▸ **TASK DETAILS**
Report every line of the records below that includes the string "Fixpoint".

[RECORDS SUPPLIED]

Fixpoint dy (e : rexpr) : rexpr :=
  match e with
  | EC _ | EX => EC 0
  | EY => EC 1
  | EInvDenom =>
      EMul (EMul (EC (-1)) (EAdd (EMul (EC 4) EX) (EMul (EC 8) EY)))
           (EMul EInvDenom EInvDenom)
  | EChi i j => EChi i (S j)
  | EAdd a b => EAdd (dy a) (dy b)
  | EMul a b => EAdd (EMul (dy a) b) (EMul a (dy b))
  end.

(* [pd chi i j] differentiates in y first, so [dy] is only correct on
   expressions in which chi has not been differentiated in x yet. *)
Fixpoint no_chi_dx (e : rexpr) : Prop :=
  match e with
  | EChi i _ => i = 0%nat
  | EAdd a b | EMul a b => no_chi_dx a /\ no_chi_dx b
  | _ => True
  end.

Lemma no_chi_dx_dy e : no_chi_dx e -> no_chi_dx (dy e).
Proof. induction e; simpl; tauto. Qed.

Lemma no_chi_dx_iter_dy n e : no_chi_dx e -> no_chi_dx (Nat.iter n dy e).
Proof. induction n; simpl; auto using no_chi_dx_dy. Qed.

Section Derivatives.

Variables (m : R) (chi : R -> R -> R).
Hypothesis Hm : 0 < m.
Hypothesis Hchi : forall (a1 a2 : nat) x y,
  ex_derive_n (fun t => chi x t) a2 y /\
  ex_derive_n (fun s => Derive_n (fun t => chi s t) a2 y) a1 x.

Lemma is_derive_dx e x y :
  is_derive (fun s => eval m chi e s y) x (eval m chi (dx e) x y).
Proof.
  induction e; simpl.
  - auto_derive; auto; ring.
  - auto_derive; auto; ring.
  - auto_derive; auto; ring.
  - pose proof (denom_pos m x y Hm). unfold denom in *.
    auto_derive; [lra | field; lra].
  - apply Derive_correct, (proj2 (Hchi (S i) j x y)).
  - exact (is_derive_plus _ _ _ _ _ IHe1 IHe2).
  - exact (is_derive_mult _ _ _ _ _ IHe1 IHe2 Rmult_comm).
Qed.

Lemma is_derive_dy e x y : no_chi_dx e ->
  is_derive (fun t => eval m chi e x t) y (eval m chi (dy e) x y).
Proof.
  induction e; simpl; intros He.
  - auto_derive; auto; ring.
  - auto_derive; auto; ring.
  - auto_derive; auto; ring.
  - pose proof (denom_pos m x y Hm). unfold denom in *.
    auto_derive; [lra | field; lra].
  - subst i. apply Derive_correct, (proj1 (Hchi 0%nat (S j) x y)).
  - exact (is_derive_plus _ _ _ _ _ (IHe1 (proj1 He)) (IHe2 (proj2 He))).
  - exact (is_derive_mult _ _ _ _ _ (IHe1 (proj1 He)) (IHe2 (proj2 He)) Rmult_comm).
Qed.

Lemma Derive_n_dx e n x y :
  Derive_n (fun s => eval m chi e s y) n x = eval m chi (Nat.iter n dx e) x y.
Proof.
  revert x; induction n; intros x; simpl; [reflexivity|].
  rewrite (Derive_ext _ (fun s => eval m chi (Nat.iter n dx e) s y)) by auto.
  apply is_derive_unique, is_derive_dx.
Qed.

Lemma Derive_n_dy e n x y : no_chi_dx e ->
  Derive_n (fun t => eval m chi e x t) n y = eval m chi (Nat.iter n dy e) x y.
Proof.
  intros He; revert y; induction n; intros y; simpl; [reflexivity|].
  rewrite (Derive_ext _ (fun t => eval m chi (Nat.iter n dy e) x t)) by auto.
  apply is_derive_unique, is_derive_dy, no_chi_dx_iter_dy, He.
Qed.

[/RECORDS SUPPLIED]

▸ **OUTPUT FOR THIS EXERCISE**
Fixpoint dy (e : rexpr) : rexpr :=
Fixpoint no_chi_dx (e : rexpr) : Prop :=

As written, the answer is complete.